Food for thought: what if you end up teaching your daughter (while not trying to) to feel shameful about her body? Kids like to be naked. That's part of the innocence of being a kid. As long as you're there with her, why not let her run through the sprinkler naked? If someone perverted sees her naked, it doesn't mean anything will happen to her- simply because you ARE protective and would never leave her alone with strange men. What are you going to do when she rips off her diaper and runs around the house naked in front of whoever is there? Please don't make her feel bad about herself or institute a rigid "clothes must stay on" policy. It's not fair to her to take away the carefree innocence of childhood because of what happened to you. It's not fair to instill fear or shame in a child. Fear will never set you free emotionally from what happened. I understand not wanting her to have male teachers and babysitters, I don't want my son to have male babysitters either. I only leave him alone with male family members I trust 100%- ones who raised me and never ever hurt me. But when he wants to run around naked, I don't worry about it, I celebrate his joy and his ability to not think at all about what other people are thinking about his body. Kids don't understand "modesty" and "privacy" and its beautiful because they don't have any shame yet from society.

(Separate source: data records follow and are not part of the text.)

(* Let $(J,{\sf hn})$ be a hyperbolic Banach space where $J$ is a cone with joins, and let $\tau$ be the chronological topology induced by ${\sf hn}$. Then the intersection of any countable family of $\tau$-open and $\tau$-dense subsets of $J$ is $\tau$-dense.
   Context: A prewedge is a set $W$ with a commutative associative addition with neutral element $0$ and a multiplication $[0,\infty)\times W\to W$ such that $\lambda(\eta v)=(\lambda\eta)v$, $0v=0$, $1v=v$, $(\lambda+\eta)v=\lambda v+\eta v$, $\lambda(v+w)=\lambda v+\lambda w$; it carries the preorder $v\le w$ iff $v+z=w$ for some $z$. A wedge is a prewedge in which $\le$ is antisymmetric and $v=\sup_{\eta<1}\eta v$ for every $v$. A cone is a wedge in which every directed subset (one in which every finite subset, including the empty one, has an upper bound in it) has a supremum. A cone with joins is a cone $J$ in which every subset $A$ has an infimum and $\inf(v+A)=v+\inf A$ for all $v\in J$, $A\subset J$. A hyperbolic norm on $J$ is a map ${\sf hn}:J\to[0,\infty]$ with ${\sf hn}(0)=0$ and ${\sf hn}(\lambda_1v_1+\lambda_2v_2)\ge\lambda_1{\sf hn}(v_1)+\lambda_2{\sf hn}(v_2)$ for all $\lambda_i\ge0$; a hyperbolic Banach space is a cone with a hyperbolic norm. Write $v\ll w$ if there is $z$ with ${\sf hn}(z)>0$ and $v+z=w$. The chronological topology is the topology generated by the sets $I^+(v):=\{w:v\ll w\}$ and $I^-(v):=\{w:w\ll v\}$, $v\in J$. *)

From Stdlib Require Import Reals List.
From Coquelicot Require Import Rbar.
Open Scope R_scope.
Set Implicit Arguments.

Section Cones.
Variable J : Type.
Variable add : J -> J -> J.
Variable zero : J.
Variable smul : R -> J -> J.  (* only used with nonnegative scalars *)

Definition prewedge : Prop :=
  (forall u v, add u v = add v u) /\
  (forall u v w, add u (add v w) = add (add u v) w) /\
  (forall v, add zero v = v) /\
  (forall l e v, 0 <= l -> 0 <= e -> smul l (smul e v) = smul (l * e) v) /\
  (forall v, smul 0 v = zero) /\
  (forall v, smul 1 v = v) /\
  (forall l e v, 0 <= l -> 0 <= e -> smul (l + e) v = add (smul l v) (smul e v)) /\
  (forall l v w, 0 <= l -> smul l (add v w) = add (smul l v) (smul l w)).

Definition jle (v w : J) : Prop := exists z, add v z = w.

Definition is_ub (A : J -> Prop) (u : J) : Prop := forall a, A a -> jle a u.
Definition is_lb (A : J -> Prop) (l : J) : Prop := forall a, A a -> jle l a.
Definition is_sup (A : J -> Prop) (s : J) : Prop :=
  is_ub A s /\ forall u, is_ub A u -> jle s u.
Definition is_inf (A : J -> Prop) (i : J) : Prop :=
  is_lb A i /\ forall l, is_lb A l -> jle l i.

Definition wedge : Prop :=
  prewedge /\
  (forall v w, jle v w -> jle w v -> v = w) /\
  (forall v, is_sup (fun w => exists e, 0 <= e /\ e < 1 /\ w = smul e v) v).

(* every finite subset (given as a list, possibly empty) has an upper bound in A *)
Definition directed (A : J -> Prop) : Prop :=
  forall l : list J, (forall x, In x l -> A x) ->
    exists u, A u /\ forall x, In x l -> jle x u.

Definition cone : Prop :=
  wedge /\ forall A, directed A -> exists s, is_sup A s.

Definition cone_with_joins : Prop :=
  cone /\
  (forall A : J -> Prop, exists i, is_inf A i) /\
  (forall (v : J) (A : J -> Prop) (i : J), is_inf A i ->
     is_inf (fun w => exists a, A a /\ w = add v a) (add v i)).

Sometimes you don't realize that the things you do are irrational when you are living with so much fear.
When you really think about the Dr.s office incident- what do you think would happen if you did take her diaper off? Do you honestly think your daughter would care? That an infact has any sort of concept of "no that's my girl parts! don't look!"? Do you think the dr. or nurse wants to molest her? Do you think anything at all will happen with you standing right by her side? You don't have to answer to me, but please ask these things of yourself. There is no reason to bring fear and anxiety into situations which are totally harmless. There is no reason to project your sense of "you must be covered up to be protected from perverts" to your daughter. They want to have her with her diaper off to get an accurate weight (to make sure she didn't just wet the diaper) and to make sure she has no signs of abuse underneath the diaper. They are not wanting to gawk at her.
post #22 of 103
yes, there's such a thing as overprotective parenting. this is it.

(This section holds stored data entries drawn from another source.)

Definition C2_on_R (Omega : C -> Prop) (f : C -> R) : Prop :=
  forall z, Omega z ->
    ex_derive (fun t => f (t, snd z)) (fst z) /\
    ex_derive (fun t => f (fst z, t)) (snd z) /\
    ex_derive (fun t => pu f (t, snd z)) (fst z) /\
    ex_derive (fun t => pu f (fst z, t)) (snd z) /\
    ex_derive (fun t => pv f (t, snd z)) (fst z) /\
    ex_derive (fun t => pv f (fst z, t)) (snd z) /\
    continuous f z /\ continuous (pu f) z /\ continuous (pv f) z /\
    continuous (pu (pu f)) z /\ continuous (pv (pu f)) z /\
    continuous (pu (pv f)) z /\ continuous (pv (pv f)) z.

Definition C2_on_C (Omega : C -> Prop) (F : C -> C) : Prop :=
  C2_on_R Omega (fun z => Re (F z)) /\ C2_on_R Omega (fun z => Im (F z)).

Open Scope C_scope.

Definition Cpu (F : C -> C) (z : C) : C :=
  (pu (fun w => Re (F w)) z, pu (fun w => Im (F w)) z).
Definition Cpv (F : C -> C) (z : C) : C :=
  (pv (fun w => Re (F w)) z, pv (fun w => Im (F w)) z).

Definition dz (F : C -> C) (z : C) : C := / 2 * (Cpu F z - Ci * Cpv F z).
Definition dzb (F : C -> C) (z : C) : C := / 2 * (Cpu F z + Ci * Cpv F z).

Definition toC (f : C -> R) : C -> C := fun z => RtoC (f z).

Definition continuous_on {T U : UniformSpace} (D : T -> Prop) (f : T -> U) : Prop :=
  forall x, D x -> filterlim f (within D (locally x)) (locally (f x)).

Definition unit_interval (t : R) : Prop := (0 <= t <= 1)%R.
Definition unit_square (p : R * R) : Prop :=
  unit_interval (fst p) /\ unit_interval (snd p).

Definition is_domain (Omega : C -> Prop) : Prop :=
  (exists z, Omega z) /\ open Omega /\
  forall a b, Omega a -> Omega b ->
    exists gamma : R -> C,
      continuous_on unit_interval gamma /\
      (forall t, unit_interval t -> Omega (gamma t)) /\
      gamma 0%R = a /\ gamma 1%R = b.

(** Simply connected domain: a domain in which every closed loop is
    (freely) homotopic within Omega to a constant loop. *)
Definition simply_connected_domain (Omega : C -> Prop) : Prop :=
  is_domain Omega /\
  forall gamma : R -> C,
    continuous_on unit_interval gamma ->
    (forall t, unit_interval t -> Omega (gamma t)) ->
    gamma 0%R = gamma 1%R ->
    exists H : R * R -> C,
      continuous_on unit_square H /\
      (forall p, unit_square p -> Omega (H p)) /\
      (forall t, unit_interval t -> H (0%R, t) = gamma t) /\
      (forall t, unit_interval t -> H (1%R, t) = H (1%R, 0%R)) /\
      (forall s, unit_interval s -> H (s, 0%R) = H (s, 1%R)).

Definition WD_first (Omega : C -> Prop) (g : C -> C) (P Q : C -> R) : Prop :=
  C2_on_C Omega g /\ C2_on_R Omega P /\ C2_on_R Omega Q /\
  forall z, Omega z ->
    g z <> 0 /\
    dzb g z = 0 /\
    dzb (dz (toC P)) z = RtoC (Cmod (g z) ^ 2) * dzb (dz (toC Q)) z /\
    dz (toC P) z - RtoC (Cmod (g z) ^ 2) * dz (toC Q) z <> 0.

Definition WD_second (Omega : C -> Prop) (h : C -> C) (M N : C -> R) : Prop :=
  C2_on_C Omega h /\ C2_on_R Omega M /\ C2_on_R Omega N /\
  forall z, Omega z ->
    h z <> 0 /\
    dzb h z = 0 /\
    dzb (dz (toC M)) z = RtoC (Re (h z)) * dzb (dz (toC N)) z /\
    dz (toC M) z - RtoC (Re (h z)) * dz (toC N) z <> 0.

(* With [A = M_z] and [B = N_z], the prescribed [F = h A - h^2/2 B] satisfies
   [F_zbar = h (Re h) B_zbar - h^2/2 B_zbar = |h|^2/2 B_zbar], because [h] is holomorphic and
   [A_zbar = (Re h) B_zbar]; as [B_zbar = N_{z zbar}] is real, so is [F_zbar].  For a real [Q],
   [Q_z = F] means [dQ = 2 Re F du - 2 Im F dv], and reality of [F_zbar] is exactly closedness of
   this form.  On a simply connected domain closed forms are exact: local primitives on squares are
   continued along paths, and the continuation along a loop returns to its start because the
   loop contracts.  The properties of [(1/h, N/2, Q)] then follow from [Q_{z zbar} = F_zbar] and
   an algebraic identity. *)

From Stdlib Require Import Reals Lra.
From Coquelicot Require Import Coquelicot.
From Stdlib Require Import ClassicalEpsilon Classical.

Open Scope R_scope.

(* The balls of Coquelicot's product topology on [C = R * R] are open squares. *)
Definition in_square (c : C) (r : R) (z : C) : Prop :=
  Rabs (fst z - fst c) < r /\ Rabs (snd z - snd c) < r.

Lemma ball_in_square (c z : C) (r : R) : ball c r z <-> in_square c r z.
Proof. split; intros [H1 H2]; split; assumption. Qed.

Lemma Rabs_diag_lt (t : R) (e : posreal) : Rabs (t - t) < e.
Proof. rewrite Rminus_diag, Rabs_R0. apply cond_pos. Qed.

Lemma in_square_center (c : C) (r : R) : 0 < r -> in_square c r c.
Proof. intros Hr. split; rewrite Rminus_diag, Rabs_R0; exact Hr. Qed.

Lemma in_square_sym c r z : in_square c r z -> in_square z r c.
Proof. intros [H1 H2]. split; rewrite Rabs_minus_sym; auto. Qed.

Lemma in_square_mono c r r' z : r <= r' -> in_square c r z -> in_square c r' z.
Proof. intros H [H1 H2]. split; lra. Qed.

Lemma in_square_trans c x y e1 e2 :
  in_square c e1 x -> in_square x e2 y -> in_square c (e1 + e2) y.
Proof.
  intros [H1 H2] [H3 H4]. split.
  - replace (fst y - fst c) with ((fst y - fst x) + (fst x - fst c)) by ring.
    eapply Rle_lt_trans; [apply Rabs_triang|]. lra.
  - replace (snd y - snd c) with ((snd y - snd x) + (snd x - snd c)) by ring.
    eapply Rle_lt_trans; [apply Rabs_triang|]. lra.
Qed.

i didn't read through all the replies, so maybe someone already said this, but if you have issues with "grandpa," you should address that specifically. by all means listen to your gut if you think he's bad news, and keep her away from HIM. however, that's not a reason for her to never be alone with any man, just that one.

it's great that she has a good relationship with her father. i really hope that continues. maybe that can help restore some of your ability to trust?

i really think that it's not good for you or for your daughter for you to be so constantly hypervigilant. even if you think she won't know, she will know. it will scare her. it will not be good for her.

i hope you get the help you need to let go a little.

post #23 of 103
Thread Starter 
Quote:
How is this all going to honestly be feasible? I mean, what plans do you have in place to make this really work? I'm curious as to the ages of your step-sons and what phrases and wording you are using to tell them these special conditions with regard to the rules? And despite the fact that you do not plan on "talking bad" about men or making her hate them, how are you going to teach her to navigate relationships with males she may come into contact with? Or how will she learn healthy, appropriate respect and boundaries with regard to her body and well-being?
Those in my daughters life are in agreement with me. Her dad is a cop. He's seen first hand what sick idiots there are in this world. He just text me a couple hours ago, "Uh! We just interviewed a puke who penetrated his girlfriend's 4 year old daughter! If I was her dad, he wouldn't make it to trial!" I've been on the 4 yr olds side. He's talked to numerous idiots who molest young children. We make a great mix--Lily will be highly protected. (He was/is paranoid about his boys. They're not allowed to go anywhere by themselves. Up until this past year, they weren't allowed to walk home from school which is only a block away. The only people who watch his son's are his mom and dad--NOBODY else. He's even more protective/paranoid with Lily).

The boys are not my step son's. They are Lily's step brothers/her dad's son's. He agrees whole heartedly that they shouldn't and won't be alone with her. He also agrees they shouldn't and won't see her naked. Neither will his dad--or any other man except for him. Boys ages are 10 and 13. As it is now, Lily's dad or his mom take her into the bedroom to change her. The boys have been told, "She's a girl. You are boys. Changing her diaper is private." They don't question anything and stay away when she's being changed. It's very simple.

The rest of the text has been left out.